The "SARA AM" problem seems to be with the compatibility decomposition (NFKD and NFKC).
NFK* change a lot of characters and strings - not just Thai - in various visible and functional ways and must be used with caution.
Samphan Raruenrom wrote:
> Mark Davis wrote:
> >>- decomposition of SARA AM add more problem to normalization
> > I don't recall seeing that note; I'll look forward to your report.
> Please see my discussion with khun Peter Constable quoted below.
--- 8< ---
> 0E32;THAI CHARACTER SARA AA;Lo;0
> 0E48;THAI CHARACTER MAI EK;Mn;107
> 0E33;THAI CHARACTER SARA AM;Lo;0;L;<compat> "NIKHAHIT" "SARA AA"

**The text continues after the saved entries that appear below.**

(* Let $X$ and $Y$ be real Hilbert spaces with $X \neq \{0\}$, let $a$ and $b$ be continuous bilinear forms on $X \times Y$, and let $A, B : X \to Y$ be continuous linear operators. Suppose there are constants $C_1 > 0$ and $C_2 \geq 0$ such that for all $u \in X$: $$b(u, B u) + a(u, A u) \geq \frac{1}{C_1} \| u\|^2,$$ $$b(u, A u) \geq 0, \qquad |a(u, B u)| \leq C_2\, a(u, Au).$$ Then $b+a$ satisfies an inf-sup condition on $X \times Y$: there exists $c > 0$ such that $$\inf_{u \in X\setminus\{0\}} \ \sup_{v \in Y\setminus\{0\}} \frac{|(b+a)(u,v)|}{\| u \| \, \|v\| } \geq c.$$ *)

From HB Require Import structures.
From mathcomp Require Import all_boot all_order all_algebra.
From mathcomp Require Import all_classical all_reals all_analysis.
Set Implicit Arguments. Unset Strict Implicit. Unset Printing Implicit Defensive.
Import Order.TTheory GRing.Theory Num.Theory.
Import numFieldNormedType.Exports.
Local Open Scope classical_set_scope.
Local Open Scope ring_scope.

(* An inner product on a real normed space V inducing its norm:
   bilinear (linear in the first argument + symmetric), and
   `|x| = sqrt <x,x>.  Together with completeness of V
   (V : completeNormedModType R) this makes V a real Hilbert space. *)
Definition inner_product_inducing_norm (R : realType) (V : normedModType R)
  (ip : V -> V -> R) : Prop :=
  [/\ (forall (k : R) (x y z : V), ip (k *: x + y) z = k * ip x z + ip y z),
      (forall x y : V, ip x y = ip y x) &
      (forall x : V, `|x| = Num.sqrt (ip x x))].

Definition is_hilbert (R : realType) (V : completeNormedModType R) : Prop :=
  exists ip : V -> V -> R, inner_product_inducing_norm ip.

Definition bilinear_form (R : realType) (X Y : normedModType R)
  (a : X -> Y -> R) : Prop :=
  (forall (k : R) (x x' : X) (y : Y), a (k *: x + x') y = k * a x y + a x' y) /\
  (forall (k : R) (x : X) (y y' : Y), a x (k *: y + y') = k * a x y + a x y').

Definition continuous_bilinear_form (R : realType) (X Y : normedModType R)
  (a : X -> Y -> R) : Prop :=
  bilinear_form a /\ continuous (fun p : X * Y => a p.1 p.2).

Definition infsup (R : realType) (X Y : normedModType R) (f : X -> Y -> R)
  : \bar R :=
  ereal_inf [set ereal_sup [set ((`|f u v| / (`|u| * `|v|))%:E) | v in ~` [set (0 : Y)]]
            | u in ~` [set (0 : X)]].

From HB Require Import structures.
From mathcomp Require Import all_boot all_order all_algebra.
From mathcomp Require Import all_classical all_reals all_analysis.
From mathcomp Require Import ring lra.
Import Order.TTheory GRing.Theory Num.Theory.
Import numFieldNormedType.Exports.
Local Open Scope classical_set_scope.
Local Open Scope ring_scope.

(* Testing (b + a)(u, .) against v = (1 + C2) A u + B u gives
   (b + a)(u, v) = [b(u, B u) + a(u, A u)] + (1 + C2) b(u, A u)
                   + [C2 a(u, A u) + a(u, B u)] >= |u|^2 / C1,
   while |v| <= M |u| for a constant M built from the operator norms of A and B;
   hence the inf-sup constant is at least 1 / (C1 M). *)

Lemma continuous_linear_bounded {R : realType} {X Y : normedModType R}
    {A : {linear X -> Y}} :
  continuous A -> exists2 r : R, 0 < r & forall x, `|A x| <= r * `|x|.
Proof.
move=> cA; apply: pinfty_ex_gt0; apply/linear_boundedP.
exact/linear_bounded_continuous.
Qed.

Lemma bilinear_form_x0 {R : realType} {X Y : normedModType R} {a : X -> Y -> R} :
  bilinear_form a -> forall x, a x 0 = 0.
Proof.
move=> [_ a_linr] x; have := a_linr 1 x 0 0.
rewrite scaler0 addr0 mul1r; lra.
Qed.

Section InfsupTestMap.
Variables (R : realType) (X Y : normedModType R) (f : X -> Y -> R) (T : X -> Y).
Variables (c M : R).
Hypotheses (c_gt0 : 0 < c) (M_gt0 : 0 < M) (f_x0 : forall u, f u 0 = 0).
Hypothesis T_bounded : forall u, `|T u| <= M * `|u|.
Hypothesis T_coercive : forall u, c * `|u| ^+ 2 <= f u (T u).

Lemma test_map_neq0 u : u != 0 -> T u != 0.
Proof.
move=> u0; apply: contraTneq (T_coercive u) => ->; rewrite f_x0 -ltNge.
by rewrite mulr_gt0 // exprn_gt0 // normr_gt0.
Qed.

Lemma infsup_ge_test_map : ((c / M)%:E <= infsup f)%E.
Proof.
apply: le_ereal_inf_tmp => _ [u /= /eqP u0 <-].
have u_gt0 : 0 < `|u| by rewrite normr_gt0.
have Tu_gt0 : 0 < `|T u| by rewrite normr_gt0 test_map_neq0.
apply: le_ereal_sup_tmp; exists (`|f u (T u)| / (`|u| * `|T u|))%:E.
  by exists (T u) => //=; apply/eqP/test_map_neq0.
rewrite lee_fin ler_pdivlMr ?mulr_gt0 //.
apply: le_trans (le_trans (T_coercive u) (ler_norm _)).
rewrite mulrAC ler_pdivrMr // -mulrA ler_pM2l // expr2 -mulrA ler_pM2l //.
by rewrite mulrC.
Qed.

End InfsupTestMap.

Lemma continuous_linear_combination_bounded {R : realType} {X Y : normedModType R}
    {A B : {linear X -> Y}} (k : R) :
  0 <= k -> continuous A -> continuous B ->
  exists2 M : R, 0 < M & forall u, `|k *: A u + B u| <= M * `|u|.
Proof.
move=> k0 cA cB.
have [rA rA0 bA] := continuous_linear_bounded cA.
have [rB rB0 bB] := continuous_linear_bounded cB.
exists (k * rA + rB); first by nra.
move=> u; rewrite (le_trans (ler_normD _ _)) // normrZ ger0_norm //.
have := bA u; have := bB u; nra.
Qed.

Lemma coercive_test_direction {R : realType} {X Y : normedModType R}
    {a b : X -> Y -> R} {A B : X -> Y} {C1 C2 : R} {u : X} :
  0 <= C2 -> bilinear_form a -> bilinear_form b ->
  b u (B u) + a u (A u) >= C1^-1 * `|u| ^+ 2 -> b u (A u) >= 0 ->
  `|a u (B u)| <= C2 * a u (A u) ->
  C1^-1 * `|u| ^+ 2 <= b u ((1 + C2) *: A u + B u) + a u ((1 + C2) *: A u + B u).
Proof.
move=> C2_ge0 [_ a_linr] [_ b_linr] coer bA_ge0; rewrite ler_norml => /andP[aB_ge _].
by rewrite a_linr b_linr; nra.
Qed.

Theorem proposition2 (R : realType) (X Y : completeNormedModType R)
  (hX : is_hilbert X) (hY : is_hilbert Y)
  (hX0 : exists x : X, x != 0)
  (a b : X -> Y -> R)
  (ha : continuous_bilinear_form a) (hb : continuous_bilinear_form b)
  (A B : {linear X -> Y}) (hA : continuous A) (hB : continuous B)
  (C1 C2 : R) (hC1 : 0 < C1) (hC2 : 0 <= C2)
  (h1 : forall u : X, b u (B u) + a u (A u) >= C1^-1 * `|u| ^+ 2)
  (h2 : forall u : X, b u (A u) >= 0)
  (h3 : forall u : X, `|a u (B u)| <= C2 * a u (A u)) :
  exists c : R, 0 < c /\ (c%:E <= infsup (fun u v => (b u v + a u v)%R))%E.
Proof.
have k_ge0 : 0 <= 1 + C2 by lra.
have [M M_gt0 bounded] := continuous_linear_combination_bounded _ k_ge0 hA hB.
have ba_x0 u : b u 0 + a u 0 = 0.
  by rewrite (bilinear_form_x0 ha.1) (bilinear_form_x0 hb.1) addr0.
exists (C1^-1 / M); split; first by rewrite divr_gt0 ?invr_gt0.
apply: (@infsup_ge_test_map _ _ _ (fun u v => b u v + a u v)
          (fun u => (1 + C2) *: A u + B u) C1^-1 M).
- by rewrite invr_gt0.
- exact: M_gt0.
- exact: ba_x0.
- exact: bounded.
- by move=> u; exact: coercive_test_direction hC2 ha.1 hb.1 (h1 u) (h2 u) (h3 u).
Qed.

> There're two ways to represent the word KO KAI + MAI EK + SARA AM
> (a) KO KAI + MAI EK + SARA AM
> (b) KO KAI + NIKHAHIT + MAI EK + SARA AA
> (b) must be in this sequence to get the intended look for
> the word (not that this is the valid sequence for Thai/WTT).
> That is the mai-ek is on top of the nikhahit.
> The problem is with the NFKD/NFKC of (a), which is
> (c) KO KAI + MAI EK + NIKHAIT + SARA AA
> Which will be rendered with nikhahit on top of mai-ek.
> Which is not the same as (a), and is not the intened look.
> So this means that the string change its shape after
> normalization. Is this a violation of any principle?
> The problem comes also from the fact that combining class of
> NIKHAHIT is 0 and that make reording of (c) impossible.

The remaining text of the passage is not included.